When the group reached the parking lot of the president’s house they found no guards, he said. He went to a house next door to observe Moïse’s house while the others in the team were trying to pry open a side door on the president’s house around 2:15 to 2:30 a.m., he said.

Blanquicet didn’t provide a description of the neighboring house, but according to Haitian police, one of the suspects who remain on the run, Badio, had rented a home nearby to spy on Moïse’s comings and goings.

From the neighboring house Blanquicet said, he initially could not see anything. Then he looked up at the second floor of the president’s private residence and saw “gunshot flashes” coming from a back room.

“I jumped down because I thought they were firing at me,” he said. “Our men outside also heard the shots and began to fire back. I saw four men dressed like us who left the presidential house through the back door.”

‘The president is dead’

Blanquicet said two teams of Colombians entered the house, while two stayed outside with him.

One Colombian who entered the house “saw the two bodies and immediately yelled, ‘The president is dead, the president is dead. Let’s get out of here, they laid a trap for us,’ ” Blanquicet said.

He said he and his group spent the next 36 hours trying to survive and to get their hands on evidence — a video recording on a DVD — that he said proved the Colombian team had left Jaar’s house after Moïse had already been killed. He said the former soldiers found the video at Jaar’s house.

“We kept the video recordings and it proves our innocence, because the forensic examination shows that the president was killed at 1 a.m., and the video shows we arrived around 2 a.m.”

Haitian police attack, evidence goes up in smoke

After leaving the house, the former soldiers continued to drive around the Petionville area but were unable to go far because of a blockade by Haitian police.

Some soldiers sought cover in a roadside drainage canal, where their standoff captured on video was shared on social media. Others ended up at a two-story concrete building nearby in Pèlerin 2 and engaged in a a bloody shootout with police.

“We took defensive positions and we remained there for hours while our bosses tried to negotiate our surrender,” Blanquicet said. ”But they did not really want us to surrender. They wanted us dead. We spent all day there.”

Blanquicet doesn’t say who his “bosses” were. But right around this time, James Solages and Joseph Vincent, two Haitian Americans who had been part of the convoy that went to Moïse’s house, were negotiating their surrender to the Haitian police.

The two men eventually turned themselves in to police, claiming that they were translators. A police source said that after Solages and Vincent gave themselves up, police believed that the Colombians would no longer surrender and were waiting for someone to come extricate them. The source said members of the presidential guard wanted to kill the Colombians, and that other Haitian police officers mounted an assault to capture the Colombians alive.
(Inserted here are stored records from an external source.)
(* Let $A=(A_1,\dots,A_d)$ take values in $\{0,1\}^d$ with probabilities $p(a)>0$ for all $a$. For $b\in\{0,1\}^d$ define the linear interactions $\xi_b=\sum_{a\in\{0,1\}^d}(-1)^{a\cdot b}p(a)$ and the log-linear interactions $\lambda_b=2^{-d}\sum_{a\in\{0,1\}^d}(-1)^{a\cdot b}\log p(a)$, where $a\cdot b=\sum_v a_vb_v$. Then the following are equivalent: (1) $p$ is palindromic, i.e. $p(a)=p(\sim a)$ for all $a$; (2) $\xi_b=0$ for all $b$ with $|b|$ odd; (3) $\lambda_b=0$ for all $b$ with $|b|$ odd.
   Context: $\sim a$ denotes the complement of the binary vector $a$ ($(\sim a)_v=1-a_v$). For $b\in\{0,1\}^d$, $|b|=\sum_v b_v$ is its order; a vector $b$ is identified with the subset $\{v: b_v=1\}$ of $\{1,\dots,d\}$, and the interaction indexed by $b$ is called of odd or even order according to the parity of $|b|$. *)

From mathcomp Require Import all_boot all_order all_algebra.
From mathcomp Require Import reals exp.
Set Implicit Arguments. Unset Strict Implicit. Unset Printing Implicit Defensive.
Import Order.TTheory GRing.Theory Num.Theory.
Local Open Scope ring_scope.

(* Binary vectors in {0,1}^d, coordinates indexed by 'I_d (v = 1..d shifted). *)
Definition bvec (d : nat) := {ffun 'I_d -> bool}.

Definition bcompl d (a : bvec d) : bvec d := [ffun v => ~~ a v].

Definition bdot d (a b : bvec d) : nat := \sum_(v < d) (a v && b v).

Definition border d (b : bvec d) : nat := \sum_(v < d) (b v : nat).

Definition xi (R : realType) d (p : bvec d -> R) (b : bvec d) : R :=
  \sum_(a : bvec d) (-1) ^+ (bdot a b) * p a.

Definition lambda (R : realType) d (p : bvec d -> R) (b : bvec d) : R :=
  (2 ^+ d)^-1 * \sum_(a : bvec d) (-1) ^+ (bdot a b) * ln (p a).

Definition palindromic (R : realType) d (p : bvec d -> R) : Prop :=
  forall a : bvec d, p a = p (bcompl a).

From mathcomp Require Import all_boot all_order all_algebra.
From mathcomp Require Import reals exp.
Import Order.TTheory GRing.Theory Num.Theory.
Local Open Scope ring_scope.

(* Both kinds of interactions are Walsh-Hadamard transforms, of p and of
   ln p. Complementing the argument of f multiplies its transform at b by
   (-1)^|b|, so f is palindromic iff its odd-order coefficients vanish: one
   direction is immediate, the other is the injectivity of the transform
   (orthogonality of the characters). Since ln is injective on positive
   reals, p and ln p are palindromic together. *)

Section WalshTransform.
Variables (R : numDomainType) (d : nat).

Lemma bcomplK : involutive (@bcompl d).
Proof. by move=> a; apply/ffunP=> v; rewrite !ffunE negbK. Qed.

Lemma bdot_bcompl (a b : bvec d) : (bdot (bcompl a) b + bdot a b)%N = border b.
Proof.
rewrite /bdot /border -big_split; apply: eq_bigr => v _.
by rewrite ffunE; case: (a v); case: (b v).
Qed.

Lemma sign_bdot_bcompl (a b : bvec d) :
  (-1) ^+ bdot (bcompl a) b = (-1) ^+ border b * (-1) ^+ bdot a b :> R.
Proof.
rewrite -(bdot_bcompl a b) exprD -mulrA -exprD addnn.
by rewrite -(signr_odd _ _.*2) odd_double mulr1.
Qed.

Definition walsh (f : bvec d -> R) (b : bvec d) : R :=
  \sum_(a : bvec d) (-1) ^+ bdot a b * f a.

Lemma walsh_bcompl (f : bvec d -> R) (b : bvec d) :
  walsh (f \o @bcompl d) b = (-1) ^+ border b * walsh f b.
Proof.
rewrite /walsh (reindex_inj (inv_inj bcomplK)) mulr_sumr.
by apply: eq_bigr => a _; rewrite /= bcomplK sign_bdot_bcompl mulrA.
Qed.

Lemma sum_sign_bdot (a c : bvec d) :
  \sum_(b : bvec d) (-1) ^+ bdot a b * (-1) ^+ bdot c b =
  (a == c)%:R * 2 ^+ d :> R.
Proof.
under eq_bigr => b _ do rewrite -exprD /bdot -big_split /= expr_sum.
rewrite -(bigA_distr_bigA (fun v x => (-1) ^+ ((a v && x) + (c v && x)) : R)).
have sum_coord v : \sum_(x : bool) (-1) ^+ ((a v && x) + (c v && x)) =
                   (a v == c v)%:R * 2 :> R.
  by rewrite big_bool; case: (a v); case: (c v);
     rewrite /= ?addn1 ?expr0 ?expr1 ?expr2 ?mulN1r ?opprK ?mul1r ?mul0r ?addNr.
rewrite (eq_bigr _ (fun v _ => sum_coord v)).
have [<-|neq_ac] := eqVneq a c.
  rewrite mul1r -[d in 2 ^+ d]card_ord -prodr_const.
  by apply: eq_bigr => v _; rewrite eqxx mul1r.
have [v neq_v] : exists v, a v != c v.
  apply/existsP; apply: contraR neq_ac; rewrite negb_exists => /forallP eq_ac.
  by apply/eqP/ffunP => v; apply/eqP; rewrite -[_ == _]negbK eq_ac.
by rewrite mul0r (bigD1 v) //= (negbTE neq_v) !mul0r.
Qed.

Lemma walsh_inversion (f : bvec d -> R) (a : bvec d) :
  \sum_(b : bvec d) (-1) ^+ bdot a b * walsh f b = 2 ^+ d * f a.
Proof.
under eq_bigr => b _ do rewrite /walsh mulr_sumr.
rewrite exchange_big /=.
under eq_bigr => c _ do under eq_bigr => b _ do rewrite mulrA.
under eq_bigr => c _ do rewrite -mulr_suml sum_sign_bdot.
rewrite (bigD1 a) //= eqxx mul1r big1 ?addr0 // => c neq_ca.
by rewrite eq_sym (negbTE neq_ca) !mul0r.
Qed.

Lemma walsh_inj (f g : bvec d -> R) : walsh f =1 walsh g -> f =1 g.
Proof.
move=> eq_fg a; have two_exp_neq0 : 2 ^+ d != 0 :> R by rewrite expf_neq0 ?pnatr_eq0.
apply: (mulfI two_exp_neq0).
by rewrite -!walsh_inversion; apply: eq_bigr => b _; rewrite eq_fg.
Qed.

Lemma walsh_palindromic (f : bvec d -> R) :
  (forall a, f a = f (bcompl a)) <->
  (forall b, odd (border b) -> walsh f b = 0).
Proof.
have walshE b : walsh (f \o @bcompl d) b = (-1) ^+ odd (border b) * walsh f b.
  by rewrite signr_odd walsh_bcompl.
split=> [pal_f b odd_b | odd_walsh_f a].
  have : walsh (f \o @bcompl d) b = walsh f b.
    by apply: eq_bigr => a _; rewrite /= -pal_f.
  rewrite walshE odd_b expr1 mulN1r => /eqP.
  by rewrite eq_sym -addr_eq0 -mulr2n mulrn_eq0 => /orP [//|/eqP].
apply: (@walsh_inj f (f \o @bcompl d)) => b; rewrite walshE.
by case: (boolP (odd _)) => [odd_b|_]; rewrite ?(odd_walsh_f b odd_b) ?mulr0 ?mul1r.
Qed.

End WalshTransform.

Arguments walsh {R d}.

Theorem proposition2p2 (R : realType) (d : nat) (p : bvec d -> R)
  (p_pos : forall a, 0 < p a) (p_sum : \sum_(a : bvec d) p a = 1) :
  [/\ (palindromic p <-> (forall b : bvec d, odd (border b) -> xi p b = 0)),
      (palindromic p <-> (forall b : bvec d, odd (border b) -> lambda p b = 0)) &
      ((forall b : bvec d, odd (border b) -> xi p b = 0) <->
       (forall b : bvec d, odd (border b) -> lambda p b = 0))].
Proof.
have pal_xi := walsh_palindromic R d p.
have pal_ln : palindromic p <-> (forall a, ln (p a) = ln (p (bcompl a))).
  split=> [pal_p a | pal_ln_p a]; first by rewrite pal_p.
  by apply: ln_inj; rewrite ?posrE ?p_pos.
have lambda_walsh : (forall b, odd (border b) -> lambda p b = 0) <->
                    (forall b, odd (border b) -> walsh (fun a => ln (p a)) b = 0).
  have inv2X_neq0 : (2 ^+ d)^-1 != 0 :> R by rewrite invr_eq0 expf_neq0 ?pnatr_eq0.
  split=> odd_eq0 b /odd_eq0; rewrite /lambda -/(walsh _ b); last by move->; rewrite mulr0.
  by move/eqP; rewrite mulf_eq0 (negbTE inv2X_neq0) => /eqP.
have pal_lambda : palindromic p <-> (forall b, odd (border b) -> lambda p b = 0).
  by rewrite lambda_walsh -(walsh_palindromic R d (fun a => ln (p a))) pal_ln.
by split; [exact: pal_xi | exact: pal_lambda | rewrite -pal_xi -pal_lambda].
Qed.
Blanquicet disagreed. He said the police arrived in armored vehicles and began an assault with machine guns, snipers and grenades in order to kill them.

He said during the assault, police set fire to a white pickup truck, sending everything up in flames. Blanquicet said the DVD evidence that would have proven the former soldiers had not left Jaar’s house until after the president had been assassinated burned as well.

“During the assault some in our groups raised their hands to give up, but then more shots were fired at them. That’s when we understood that what they wanted was to kill us and blame us once we were dead,” he said.

Police ended up killing three of the Colombians during the assault, including Capador, and arrested five former soldiers afterward. Some of the Colombians ran up the hill and took refuge in the Taiwanese embassy. Eleven of the suspects were eventually arrested inside the embassy while others managed to escape. Blanquicet, who was among the latter, was finally captured two days after the assassination. By then they had been found by angry Haitians.

“The population was irate after the police chief incited the people, telling them that we were mercenaries and that we had to be hunted down, like if we were game in a safari,” Blanquicet said.

Blanquicet said the police put out false information to make the former soldiers appear like they were the assassins. After they were captured, he said, some of the Colombians were pressured by police to provide incriminating evidence.

“Some of us were wounded, especially me, and kept begging to be taken to the infirmary,” he said. “In the middle of the night, men wearing masks would come in and take some of us. They would return around 3 or 4 in the morning. The men would return crying, beaten, with their fingernails torn out. The next day they would be peeing blood. ... They were terrified and wouldn’t want to talk to us.”

Blanquicet said the men in the group he was with were badly injured and that the nightly beatings continued for days.

“At the time we were all wishing for the day to never end,” he said, “because we knew they would come back at night and they would take people away to be tortured.”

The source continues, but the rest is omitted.